Data section »
Ltac absent_by_mono :=
  let h := fresh in intro h;
  match goal with n : ~ haskey _ _ |- _ =>
    apply n; eapply fstep_keys_mono; eassumption end.

Lemma fstep_back_diamond Z1 a Y Z2 b :
  fstep Z1 a Y -> fstep Z2 b Y -> lab_key a <> lab_key b ->
  exists Z0, fstep Z0 b Z1 /\ fstep Z0 a Z2 /\ ind a b.
Proof.
  intros h; revert Z2 b; induction h; intros Z2 b hb e; inversion hb; subst; simpl in *;
    try keyed_target_contra; try congruence.
  - destruct (IHh _ _ ltac:(eassumption) e) as (Z0 & s1 & s2 & hi).
    exists (Keyed a k Z0); repeat split; auto; constructor; auto.
  - destruct (IHh _ _ ltac:(eassumption) e) as (Z0 & s1 & s2 & hi).
    exists (Res Z0 l); repeat split; auto; constructor; auto.
  - destruct (IHh _ _ ltac:(eassumption) e) as (Z0 & s1 & s2 & hi).
    exists (Par Z0 Y); repeat split; constructor; auto.
  - exists (Par X X0); repeat split; constructor; auto; absent_by_mono.
  - destruct (IHh _ _ ltac:(eassumption) e) as (Z0 & s1 & s2 & hi).
    exists (Par Z0 Y0); repeat split.
    + econstructor; eauto.
    + constructor; auto. absent_by_mono.
    + apply (in_S1 SL); auto.
  - exists (Par X0 X); repeat split; constructor; auto; absent_by_mono.
  - destruct (IHh _ _ ltac:(eassumption) e) as (Z0 & s1 & s2 & hi).
    exists (Par Y Z0); repeat split; constructor; auto.
  - destruct (IHh _ _ ltac:(eassumption) ltac:(congruence)) as (Z0 & s1 & s2 & hi).
    exists (Par X0 Z0); repeat split.
    + econstructor; eauto.
    + constructor; auto. absent_by_mono.
    + apply (in_S1 SR); auto.
  - destruct (IHh1 _ _ ltac:(eassumption) e) as (Z0 & s1 & s2 & hi).
    exists (Par Z0 Y); repeat split.
    + constructor; auto. absent_by_mono.
    + econstructor; eauto.
    + apply (in_S2 SL); auto.
  - destruct (IHh2 _ _ ltac:(eassumption) ltac:(congruence)) as (Z0 & s1 & s2 & hi).
    exists (Par X Z0); repeat split.
    + constructor; auto. absent_by_mono.
    + econstructor; eauto.
    + apply (in_S2 SR); auto.
  - destruct (IHh1 _ _ ltac:(eassumption) e) as (Z0 & s1 & s2 & hi).
    destruct (IHh2 _ _ ltac:(eassumption) ltac:(congruence)) as (Z0' & s1' & s2' & hi').
    exists (Par Z0 Z0'); repeat split; [econstructor; eauto | econstructor; eauto | constructor; auto].
  - destruct (IHh _ _ ltac:(eassumption) e) as (Z0 & s1 & s2 & hi).
    exists (Sum Z0 Y); repeat split; constructor; auto.
  - destruct (IHh _ _ ltac:(eassumption) e) as (Z0 & s1 & s2 & hi).
    exists (Sum Y Z0); repeat split; constructor; auto.
Qed.
Lemma Rabs_RInt_le_RInt (f g : R -> R) s :
  0 <= s -> (forall z, continuous f z) -> (forall z, continuous g z) ->
  (forall r, 0 <= r <= s -> Rabs (f r) <= g r) -> Rabs (RInt f 0 s) <= RInt g 0 s.
Proof.
  intros Hs Hf Hg Hfg.
  eapply Rle_trans; [apply abs_RInt_le; [exact Hs|apply ex_RInt_of_continuous, Hf]|].
  apply RInt_le; [exact Hs| |apply ex_RInt_of_continuous, Hg|intros; apply Hfg; lra].
  apply ex_RInt_of_continuous. intros z. apply continuous_Rabs_comp, Hf.
Qed.

Lemma continuous_scal_exp A c z : continuous (fun r => A * exp (c * r)) z.
Proof. apply (ex_derive_continuous (V := R_NormedModule)). auto_derive. auto. Qed.

Lemma RInt_scal_exp A c s :
  0 < c -> RInt (fun r => A * exp (c * r)) 0 s = A * (exp (c * s) - 1) / c.
Proof.
  intros Hc. apply is_RInt_unique.
  replace (A * (exp (c * s) - 1) / c) with (minus (A * exp (c * s) / c) (A * exp (c * 0) / c)).
  2:{ rewrite Rmult_0_r, exp_0. unfold minus, plus, opp; simpl. field. lra. }
  apply (is_RInt_derive (fun r => A * exp (c * r) / c)).
  - intros x _. auto_derive; [auto|]. field. lra.
  - intros x _. apply (ex_derive_continuous (V := R_NormedModule)). auto_derive. auto.
Qed.

Lemma eq_0_of_geom_bound x C : (forall n, Rabs x <= C * (/2) ^ n) -> x = 0.
Proof.
  intros H.
  assert (Hq : Rabs (/2) < 1) by (rewrite Rabs_right; lra).
  pose proof (is_lim_seq_scal_l _ C 0 (is_lim_seq_geom (/2) Hq)) as L.
  simpl in L. rewrite Rmult_0_r in L.
  pose proof (is_lim_seq_le (fun _ => Rabs x) _ (Rabs x) 0 H (is_lim_seq_const _) L) as Hle.
  simpl in Hle. destruct (Req_dec x 0) as [E|E]; [exact E|].
  pose proof (Rabs_pos_lt x E). lra.
Qed.

Lemma Rabs_lim_sub_le (u : nat -> R) (l a C : R) :
  is_lim_seq u l -> (forall m, Rabs (u m - a) <= C) -> Rabs (l - a) <= C.
Proof.
  intros Hu H.
  assert (L : is_lim_seq (fun m => Rabs (u m - a)) (Rabs (l - a))).
  { apply (is_lim_seq_abs _ (Finite (l - a))).
    exact (is_lim_seq_minus' u (fun _ => a) l a Hu (is_lim_seq_const a)). }
  exact (is_lim_seq_le _ (fun _ => C) _ C H L (is_lim_seq_const _)).
Qed.

Lemma is_lim_seq_geom_cauchy (u : nat -> R) C :
  (forall m p, (p <= m)%nat -> Rabs (u m - u p) <= C * (/2) ^ p) ->
  exists l : R, is_lim_seq u l /\ forall p, Rabs (l - u p) <= C * (/2) ^ p.
Proof.
  intros Hu.
  assert (Hq : Rabs (/2) < 1) by (rewrite Rabs_right; lra).
  assert (Hsmall := is_lim_seq_scal_l _ C 0 (is_lim_seq_geom (/2) Hq)).
  simpl in Hsmall. rewrite Rmult_0_r in Hsmall. apply is_lim_seq_spec in Hsmall.
  assert (Hc : ex_lim_seq_cauchy u).
  { intros eps. destruct (Hsmall eps) as [N HN]. exists N. intros m p Hm Hp.
    assert (Hsm : forall k, (N <= k)%nat -> C * (/2) ^ k < eps).
    { intros k Hk. specialize (HN k Hk). rewrite Rminus_0_r in HN.
      eapply Rle_lt_trans; [apply Rle_abs|exact HN]. }
    destruct (Nat.le_gt_cases p m) as [Hpm|Hmp].
    - eapply Rle_lt_trans; [apply Hu, Hpm|apply Hsm, Hp].
    - rewrite Rabs_minus_sym. eapply Rle_lt_trans; [apply Hu; lia|apply Hsm, Hm]. }
  destruct (proj2 (ex_lim_seq_cauchy_corr u) Hc) as [l Hl].
  exists l. split; [exact Hl|]. intros p.
  apply (Rabs_lim_sub_le (fun m => u (m + p)%nat)).
  - apply (is_lim_seq_incr_n u p l), Hl.
  - intros m. apply Hu. lia.
Qed.

(** * Global existence for bounded, globally Lipschitz fields *)

Section Picard.

Variable n : nat.
Variable F : nat -> R -> (nat -> R) -> R.
Variables L B : R.
Hypothesis L_nonneg : 0 <= L.
Hypothesis B_nonneg : 0 <= B.
Hypothesis F_lipschitz :
  forall j s x y, (j < n)%nat -> Rabs (F j s x - F j s y) <= L * l1_dist n x y.
Hypothesis F_bounded : forall j s x, (j < n)%nat -> Rabs (F j s x) <= B.
Hypothesis F_continuous_time : forall j x z, (j < n)%nat -> continuous (fun s => F j s x) z.
Variable x0 : nat -> R.

Lemma continuous_field_path j (p : nat -> R -> R) z :
  (j < n)%nat -> (forall k, (k < n)%nat -> continuous (p k) z) ->
  continuous (fun s => F j s (fun k => p k s)) z.
Proof.
  intros Hj Hp.
  set (pz := fun k : nat => p k z).
  apply (continuous_of_dominated _ (fun s => L * l1_dist n (fun k => p k s) pz
                                            + Rabs (F j s pz - F j z pz))).
  - intros s. fold pz. specialize (F_lipschitz j s (fun k => p k s) pz Hj).
    pose proof (Rabs_triang (F j s (fun k => p k s) - F j s pz) (F j s pz - F j z pz)) as Htri.
    replace (F j s (fun k => p k s) - F j s pz + (F j s pz - F j z pz))
      with (F j s (fun k => p k s) - F j z pz) in Htri by ring.
    lra.
  - apply (continuous_plus (fun s => L * l1_dist n (fun k => p k s) pz)).
    + apply (continuous_scal_r L (fun s => l1_dist n (fun k => p k s) pz)).
      apply (continuous_l1_dist n p (fun k _ => p k z)).
      intros k Hk. split; [apply Hp, Hk|apply continuous_const].
    + apply continuous_Rabs_comp.
      apply (continuous_minus (fun s => F j s pz) (fun _ => F j z pz));
        [apply F_continuous_time, Hj|apply continuous_const].
  - unfold pz. rewrite l1_dist_diag, Rminus_diag, Rabs_R0. ring.
Qed.

Fixpoint picard (m : nat) : nat -> R -> R :=
  match m with
  | O => fun j _ => x0 j
  | S m => fun j t => x0 j + RInt (fun s => F j s (fun k => picard m k s)) 0 t
  end.

Lemma picard_lipschitz m :
  forall j x y, (j < n)%nat -> Rabs (picard m j x - picard m j y) <= B * Rabs (x - y).
Proof.
  induction m as [|m IH]; intros j x y Hj; simpl.
  - rewrite Rminus_diag, Rabs_R0. apply Rmult_le_pos; [exact B_nonneg|apply Rabs_pos].
  - set (g := fun s => F j s (fun k => picard m k s)).
    assert (Hg : forall z, continuous g z).
    { intros z. apply continuous_field_path; [exact Hj|].
      intros k Hk. apply (continuous_of_lipschitz _ B). intros; apply IH, Hk. }
    rewrite Rminus_plus_l_l, RInt_sub_lower by exact Hg.
    apply Rabs_RInt_le_const; [exact Hg|]. intros; apply F_bounded, Hj.
Qed.

Lemma continuous_picard m j z : (j < n)%nat -> continuous (picard m j) z.
Proof. intros Hj. apply (continuous_of_lipschitz _ B). intros; apply picard_lipschitz, Hj. Qed.

Lemma continuous_picard_field m j z :
  (j < n)%nat -> continuous (fun s => F j s (fun k => picard m k s)) z.
Proof.
  intros Hj. apply continuous_field_path; [exact Hj|]. intros; apply continuous_picard; assumption.
Qed.

(* The weight [exp (rate * s)] makes the Picard map a contraction with factor 1/2 on all
   of [0, +oo), for the norm [sup_s exp (- rate * s) * l1_dist n (u s) (v s)]. *)
Definition rate := 2 * (INR n * L + 1).
Definition picard_gap := INR n * B / rate.

Lemma rate_pos : 0 < rate.
Proof. unfold rate. pose proof (pos_INR n). nra. Qed.

Lemma picard_gap_nonneg : 0 <= picard_gap.
Proof.
  unfold picard_gap. pose proof rate_pos. pose proof (pos_INR n).
  apply Rmult_le_pos; [nra|left; apply Rinv_0_lt_compat; lra].
Qed.

Lemma picard_succ_sub_le m j s C :
  0 <= s -> (j < n)%nat ->
  (forall r, 0 <= r <= s ->
     l1_dist n (fun k => picard (S m) k r) (fun k => picard m k r) <= C * exp (rate * r)) ->
  Rabs (picard (S (S m)) j s - picard (S m) j s) <= L * C * (exp (rate * s) - 1) / rate.
Proof.
  intros Hs Hj Hdist.
  set (g1 := fun r => F j r (fun k => picard (S m) k r)).
  set (g0 := fun r => F j r (fun k => picard m k r)).
  change (picard (S (S m)) j s) with (x0 j + RInt g1 0 s).
  change (picard (S m) j s) with (x0 j + RInt g0 0 s).
  rewrite Rminus_plus_l_l.
  assert (Hg1 : forall z, continuous g1 z) by (intros; apply continuous_picard_field, Hj).
  assert (Hg0 : forall z, continuous g0 z) by (intros; apply continuous_picard_field, Hj).
  rewrite <- RInt_Rminus by assumption.
  rewrite <- (RInt_scal_exp (L * C) rate s rate_pos).
  apply Rabs_RInt_le_RInt; [exact Hs| |intros; apply continuous_scal_exp|].
  - intros z. apply (continuous_minus g1 g0); auto.
  - intros r Hr. unfold g1, g0. eapply Rle_trans; [apply F_lipschitz, Hj|].
    rewrite Rmult_assoc. apply Rmult_le_compat_l; [exact L_nonneg|]. apply Hdist, Hr.
Qed.

Lemma picard_step m s :
  0 <= s ->
  l1_dist n (fun k => picard (S m) k s) (fun k => picard m k s)
  <= picard_gap * exp (rate * s) * (/2) ^ m.
Proof.
  pose proof rate_pos as Hrate. pose proof (pos_INR n) as Hn. pose proof picard_gap_nonneg.
  revert s. induction m as [|m IH]; intros s Hs.
  - rewrite pow_O, Rmult_1_r.
    eapply Rle_trans; [apply (l1_dist_le _ _ _ (B * s))|].
    + intros k Hk. simpl picard. rewrite Rplus_minus_l.
      replace s with (Rabs (s - 0)) at 2 by (rewrite Rminus_0_r, Rabs_right; lra).
      apply Rabs_RInt_le_const; [intros; apply (continuous_picard_field 0), Hk|].
      intros; apply F_bounded, Hk.
    + assert (Hlin : rate * s <= exp (rate * s)) by (pose proof (exp_ineq1_le (rate * s)); lra).
      unfold picard_gap.
      replace (INR n * (B * s)) with (INR n * B / rate * (rate * s)) by (field; lra).
      apply Rmult_le_compat_l; [exact picard_gap_nonneg|exact Hlin].
  - set (C := picard_gap * (/2) ^ m).
    assert (HC : 0 <= C) by (apply Rmult_le_pos; [assumption|apply pow_le; lra]).
    eapply Rle_trans; [apply (l1_dist_le _ _ _ (L * C * (exp (rate * s) - 1) / rate))|].
    + intros k Hk. apply picard_succ_sub_le; [exact Hs|exact Hk|].
      intros r Hr. unfold C. replace (picard_gap * (/ 2) ^ m * exp (rate * r))
        with (picard_gap * exp (rate * r) * (/ 2) ^ m) by ring. apply IH; lra.
    + assert (Hhalf : INR n * L <= rate / 2) by (unfold rate; lra).
      pose proof (exp_pos (rate * s)).
      replace (picard_gap * exp (rate * s) * (/ 2) ^ S m) with (C * exp (rate * s) / 2)
        by (unfold C; simpl; field).
      replace (INR n * (L * C * (exp (rate * s) - 1) / rate))
        with (INR n * L / rate * (C * (exp (rate * s) - 1))) by (field; lra).
      assert (Hfrac : INR n * L / rate <= / 2).
      { apply Rmult_le_reg_r with rate; [lra|]. field_simplify; lra. }
      assert (0 <= INR n * L / rate)
        by (apply Rmult_le_pos; [nra|left; apply Rinv_0_lt_compat; lra]).
      assert (0 <= C * (exp (rate * s) - 1))
        by (apply Rmult_le_pos; [lra|]; pose proof (exp_ineq1_le (rate * s)); nra).
      nra.
Qed.

Lemma picard_cauchy m p s j :
  0 <= s -> (j < n)%nat -> (p <= m)%nat ->
  Rabs (picard m j s - picard p j s) <= 2 * picard_gap * exp (rate * s) * (/2) ^ p.
Proof.
  intros Hs Hj Hpm.
  set (A := picard_gap * exp (rate * s)).
  assert (HA : 0 <= A) by (apply Rmult_le_pos; [apply picard_gap_nonneg|left; apply exp_pos]).
  assert (Htel : forall d,
            Rabs (picard (p + d) j s - picard p j s) <= 2 * A * ((/2) ^ p - (/2) ^ (p + d))).
  { induction d as [|d IH].
    - rewrite Nat.add_0_r, !Rminus_diag, Rabs_R0. lra.
    - rewrite Nat.add_succ_r.
      pose proof (Rabs_sub_le_l1_dist n (fun k => picard (S (p + d)) k s)
                                        (fun k => picard (p + d) k s) j Hj) as Hcomp.
      pose proof (picard_step (p + d) s Hs) as Hstep. fold A in Hstep.
      pose proof (Rabs_triang (picard (S (p + d)) j s - picard (p + d) j s)
                              (picard (p + d) j s - picard p j s)) as Htri.
      replace (picard (S (p + d)) j s - picard (p + d) j s + (picard (p + d) j s - picard p j s))
        with (picard (S (p + d)) j s - picard p j s) in Htri by ring.
      change ((/2) ^ S (p + d)) with (/2 * (/2) ^ (p + d)). cbv beta in Hcomp. lra. }
  replace m with (p + (m - p))%nat by lia.
  eapply Rle_trans; [apply Htel|].
  replace (2 * picard_gap * exp (rate * s)) with (2 * A) by (unfold A; ring).
  pose proof (pow_le (/2) (p + (m - p)) ltac:(lra)). nra.
Qed.

(* Frozen for t < 0, so that the limit is globally Lipschitz. *)
Definition picard_limit (j : nat) (t : R) : R :=
  real (Lim_seq (fun m => picard m j (Rmax 0 t))).

Lemma picard_limit_spec j s :
  0 <= s -> (j < n)%nat ->
  is_lim_seq (fun m => picard m j s) (picard_limit j s) /\
  forall m, Rabs (picard_limit j s - picard m j s) <= 2 * picard_gap * exp (rate * s) * (/2) ^ m.
Proof.
  intros Hs Hj.
  destruct (is_lim_seq_geom_cauchy (fun m => picard m j s) (2 * picard_gap * exp (rate * s)))
    as [l [Hl Hbound]].
  { intros m p Hpm. apply picard_cauchy; assumption. }
  unfold picard_limit. rewrite Rmax_right by exact Hs.
  rewrite (is_lim_seq_unique _ _ Hl). split; [exact Hl|exact Hbound].
Qed.

Lemma picard_limit_Rmax0 j t : picard_limit j (Rmax 0 t) = picard_limit j t.
Proof. unfold picard_limit. rewrite (Rmax_right 0 (Rmax 0 t)) by apply Rmax_l. reflexivity. Qed.

Lemma picard_limit_lipschitz j x y :
  (j < n)%nat -> Rabs (picard_limit j x - picard_limit j y) <= B * Rabs (x - y).
Proof.
  intros Hj. rewrite <- (picard_limit_Rmax0 j x), <- (picard_limit_Rmax0 j y).
  destruct (picard_limit_spec j _ (Rmax_l 0 x) Hj) as [Hx _].
  destruct (picard_limit_spec j _ (Rmax_l 0 y) Hj) as [Hy _].
  rewrite <- (Rminus_0_r (picard_limit j (Rmax 0 x) - picard_limit j (Rmax 0 y))).
  apply (Rabs_lim_sub_le _ _ _ _ (is_lim_seq_minus' _ _ _ _ Hx Hy)).
  intros m. rewrite Rminus_0_r. eapply Rle_trans; [apply picard_lipschitz, Hj|].
  apply Rmult_le_compat_l; [exact B_nonneg|apply Rabs_Rmax0_sub_le].
Qed.

Lemma continuous_picard_limit_field j z :
  (j < n)%nat -> continuous (fun s => F j s (fun k => picard_limit k s)) z.
Proof.
  intros Hj. apply continuous_field_path; [exact Hj|].
  intros k Hk. apply (continuous_of_lipschitz _ B). intros; apply picard_limit_lipschitz, Hk.
Qed.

Task » Look through the material above for "match" and copy the lines that have it.

Response box »
  match goal with n : ~ haskey _ _ |- _ =>
  match m with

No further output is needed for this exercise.